§ **Records from a data collection**:
··········

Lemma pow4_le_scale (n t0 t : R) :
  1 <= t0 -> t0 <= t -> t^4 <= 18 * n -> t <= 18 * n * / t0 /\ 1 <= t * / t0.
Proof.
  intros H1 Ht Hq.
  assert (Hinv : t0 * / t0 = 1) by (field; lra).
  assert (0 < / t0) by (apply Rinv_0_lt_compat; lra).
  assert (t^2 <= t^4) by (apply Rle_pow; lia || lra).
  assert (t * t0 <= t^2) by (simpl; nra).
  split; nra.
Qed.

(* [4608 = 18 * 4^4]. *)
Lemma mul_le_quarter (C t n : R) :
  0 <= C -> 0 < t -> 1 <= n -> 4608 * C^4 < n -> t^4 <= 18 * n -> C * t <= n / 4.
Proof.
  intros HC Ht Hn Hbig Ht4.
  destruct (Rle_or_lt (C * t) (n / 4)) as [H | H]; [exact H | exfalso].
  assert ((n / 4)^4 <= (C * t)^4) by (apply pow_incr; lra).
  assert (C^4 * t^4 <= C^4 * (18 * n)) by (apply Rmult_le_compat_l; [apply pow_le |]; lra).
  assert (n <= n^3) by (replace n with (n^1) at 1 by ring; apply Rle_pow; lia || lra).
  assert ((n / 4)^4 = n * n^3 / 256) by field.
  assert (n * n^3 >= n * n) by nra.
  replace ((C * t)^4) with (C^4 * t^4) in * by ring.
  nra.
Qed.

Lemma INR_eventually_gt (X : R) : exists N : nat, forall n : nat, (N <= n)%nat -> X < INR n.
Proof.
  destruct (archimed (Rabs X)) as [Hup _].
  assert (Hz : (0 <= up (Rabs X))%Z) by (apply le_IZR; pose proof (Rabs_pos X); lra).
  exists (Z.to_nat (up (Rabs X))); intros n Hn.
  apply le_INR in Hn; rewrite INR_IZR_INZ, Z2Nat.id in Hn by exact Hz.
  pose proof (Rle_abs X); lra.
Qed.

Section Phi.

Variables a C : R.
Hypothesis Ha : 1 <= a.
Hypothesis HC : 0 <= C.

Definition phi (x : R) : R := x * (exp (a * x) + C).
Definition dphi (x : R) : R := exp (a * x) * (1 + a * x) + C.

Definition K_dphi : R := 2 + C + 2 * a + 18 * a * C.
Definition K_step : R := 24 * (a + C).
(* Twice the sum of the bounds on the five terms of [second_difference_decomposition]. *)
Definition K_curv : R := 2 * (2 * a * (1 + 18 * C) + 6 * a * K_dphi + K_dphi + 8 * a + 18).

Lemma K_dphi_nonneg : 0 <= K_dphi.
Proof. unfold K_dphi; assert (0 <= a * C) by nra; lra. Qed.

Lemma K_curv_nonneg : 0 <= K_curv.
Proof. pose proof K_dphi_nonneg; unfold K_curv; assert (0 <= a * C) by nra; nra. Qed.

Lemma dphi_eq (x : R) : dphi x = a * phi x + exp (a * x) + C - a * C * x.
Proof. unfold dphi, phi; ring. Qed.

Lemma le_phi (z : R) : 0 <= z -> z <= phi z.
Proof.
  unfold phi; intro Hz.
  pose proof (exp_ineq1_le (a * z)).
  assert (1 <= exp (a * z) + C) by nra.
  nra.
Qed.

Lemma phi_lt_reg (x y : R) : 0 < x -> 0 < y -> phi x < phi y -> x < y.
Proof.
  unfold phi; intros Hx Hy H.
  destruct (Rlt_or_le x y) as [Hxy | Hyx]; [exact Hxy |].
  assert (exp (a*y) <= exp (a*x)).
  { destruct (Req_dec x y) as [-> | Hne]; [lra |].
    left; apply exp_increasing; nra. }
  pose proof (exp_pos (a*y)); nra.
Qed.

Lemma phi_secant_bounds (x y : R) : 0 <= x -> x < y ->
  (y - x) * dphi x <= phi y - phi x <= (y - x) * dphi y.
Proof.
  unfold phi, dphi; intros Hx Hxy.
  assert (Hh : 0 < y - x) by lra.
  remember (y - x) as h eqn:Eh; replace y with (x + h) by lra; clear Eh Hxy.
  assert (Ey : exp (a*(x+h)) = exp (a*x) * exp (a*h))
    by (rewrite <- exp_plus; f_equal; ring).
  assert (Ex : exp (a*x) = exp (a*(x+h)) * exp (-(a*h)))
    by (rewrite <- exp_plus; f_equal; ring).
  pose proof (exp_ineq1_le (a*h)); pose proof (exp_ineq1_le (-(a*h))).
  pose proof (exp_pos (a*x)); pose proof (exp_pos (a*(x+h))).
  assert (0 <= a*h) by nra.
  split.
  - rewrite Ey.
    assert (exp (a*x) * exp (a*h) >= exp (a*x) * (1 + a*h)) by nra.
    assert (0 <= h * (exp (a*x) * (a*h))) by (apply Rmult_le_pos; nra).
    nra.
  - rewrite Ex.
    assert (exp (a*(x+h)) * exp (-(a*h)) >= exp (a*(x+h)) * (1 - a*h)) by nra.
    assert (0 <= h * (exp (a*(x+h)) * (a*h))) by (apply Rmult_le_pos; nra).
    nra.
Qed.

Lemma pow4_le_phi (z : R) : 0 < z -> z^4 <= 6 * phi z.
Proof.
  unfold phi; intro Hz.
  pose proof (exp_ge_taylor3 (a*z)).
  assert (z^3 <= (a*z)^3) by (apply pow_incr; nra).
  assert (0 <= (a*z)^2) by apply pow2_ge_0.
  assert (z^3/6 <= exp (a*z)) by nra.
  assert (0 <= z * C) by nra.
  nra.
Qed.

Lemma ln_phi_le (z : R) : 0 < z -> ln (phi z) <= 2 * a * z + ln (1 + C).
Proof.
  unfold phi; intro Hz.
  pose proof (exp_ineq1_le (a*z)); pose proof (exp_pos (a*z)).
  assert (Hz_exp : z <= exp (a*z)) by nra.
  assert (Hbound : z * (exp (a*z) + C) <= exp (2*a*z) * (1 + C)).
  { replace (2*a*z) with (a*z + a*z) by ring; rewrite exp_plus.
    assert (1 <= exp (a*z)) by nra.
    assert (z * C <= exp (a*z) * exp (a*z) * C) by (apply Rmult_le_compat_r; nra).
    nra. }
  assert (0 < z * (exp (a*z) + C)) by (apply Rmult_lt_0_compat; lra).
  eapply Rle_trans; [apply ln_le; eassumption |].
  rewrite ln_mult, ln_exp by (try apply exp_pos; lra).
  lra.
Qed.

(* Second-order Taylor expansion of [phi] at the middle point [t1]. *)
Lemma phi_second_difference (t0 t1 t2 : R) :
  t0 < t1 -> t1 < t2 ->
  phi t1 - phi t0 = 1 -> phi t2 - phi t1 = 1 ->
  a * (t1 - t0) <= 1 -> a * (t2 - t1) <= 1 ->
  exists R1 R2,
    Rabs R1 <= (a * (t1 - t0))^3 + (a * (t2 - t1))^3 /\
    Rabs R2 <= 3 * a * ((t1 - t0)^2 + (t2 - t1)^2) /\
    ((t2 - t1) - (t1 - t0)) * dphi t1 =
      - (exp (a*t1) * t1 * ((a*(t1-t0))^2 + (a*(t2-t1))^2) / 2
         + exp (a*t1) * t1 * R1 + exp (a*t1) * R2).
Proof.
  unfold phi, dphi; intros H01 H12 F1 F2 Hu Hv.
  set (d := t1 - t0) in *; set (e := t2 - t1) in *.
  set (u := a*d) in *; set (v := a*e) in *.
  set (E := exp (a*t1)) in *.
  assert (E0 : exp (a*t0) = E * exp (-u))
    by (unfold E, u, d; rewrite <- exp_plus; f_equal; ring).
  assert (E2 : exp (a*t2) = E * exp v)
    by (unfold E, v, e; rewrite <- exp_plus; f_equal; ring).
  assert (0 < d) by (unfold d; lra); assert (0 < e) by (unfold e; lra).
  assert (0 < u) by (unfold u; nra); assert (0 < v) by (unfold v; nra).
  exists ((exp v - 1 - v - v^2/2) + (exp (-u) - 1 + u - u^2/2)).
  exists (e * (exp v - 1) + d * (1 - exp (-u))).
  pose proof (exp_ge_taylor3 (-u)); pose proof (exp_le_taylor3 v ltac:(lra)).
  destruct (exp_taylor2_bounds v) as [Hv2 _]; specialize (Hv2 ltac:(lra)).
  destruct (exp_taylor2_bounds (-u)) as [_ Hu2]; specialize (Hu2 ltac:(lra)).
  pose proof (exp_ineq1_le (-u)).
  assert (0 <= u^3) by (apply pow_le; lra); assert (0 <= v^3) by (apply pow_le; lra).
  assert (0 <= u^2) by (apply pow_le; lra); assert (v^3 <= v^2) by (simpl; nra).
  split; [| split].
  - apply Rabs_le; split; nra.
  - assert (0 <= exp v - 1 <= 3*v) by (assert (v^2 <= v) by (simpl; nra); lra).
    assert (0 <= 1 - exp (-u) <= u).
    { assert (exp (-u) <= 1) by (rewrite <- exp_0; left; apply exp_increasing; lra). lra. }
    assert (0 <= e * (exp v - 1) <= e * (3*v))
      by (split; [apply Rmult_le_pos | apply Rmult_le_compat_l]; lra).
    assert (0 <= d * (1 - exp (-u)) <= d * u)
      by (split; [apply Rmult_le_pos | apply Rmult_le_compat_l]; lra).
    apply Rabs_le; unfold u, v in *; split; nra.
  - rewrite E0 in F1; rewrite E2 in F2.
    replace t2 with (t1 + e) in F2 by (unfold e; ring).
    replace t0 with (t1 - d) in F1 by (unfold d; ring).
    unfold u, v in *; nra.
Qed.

··········

§ **What is being asked**: What is needed is every line from the beginning of the data up to and including the line with "assert ((n / 4)^4 <= (C", given again word for word.

§ **Result of the exercise**:
Lemma pow4_le_scale (n t0 t : R) :
  1 <= t0 -> t0 <= t -> t^4 <= 18 * n -> t <= 18 * n * / t0 /\ 1 <= t * / t0.
Proof.
  intros H1 Ht Hq.
  assert (Hinv : t0 * / t0 = 1) by (field; lra).
  assert (0 < / t0) by (apply Rinv_0_lt_compat; lra).
  assert (t^2 <= t^4) by (apply Rle_pow; lia || lra).
  assert (t * t0 <= t^2) by (simpl; nra).
  split; nra.
Qed.

(* [4608 = 18 * 4^4]. *)
Lemma mul_le_quarter (C t n : R) :
  0 <= C -> 0 < t -> 1 <= n -> 4608 * C^4 < n -> t^4 <= 18 * n -> C * t <= n / 4.
Proof.
  intros HC Ht Hn Hbig Ht4.
  destruct (Rle_or_lt (C * t) (n / 4)) as [H | H]; [exact H | exfalso].
  assert ((n / 4)^4 <= (C * t)^4) by (apply pow_incr; lra).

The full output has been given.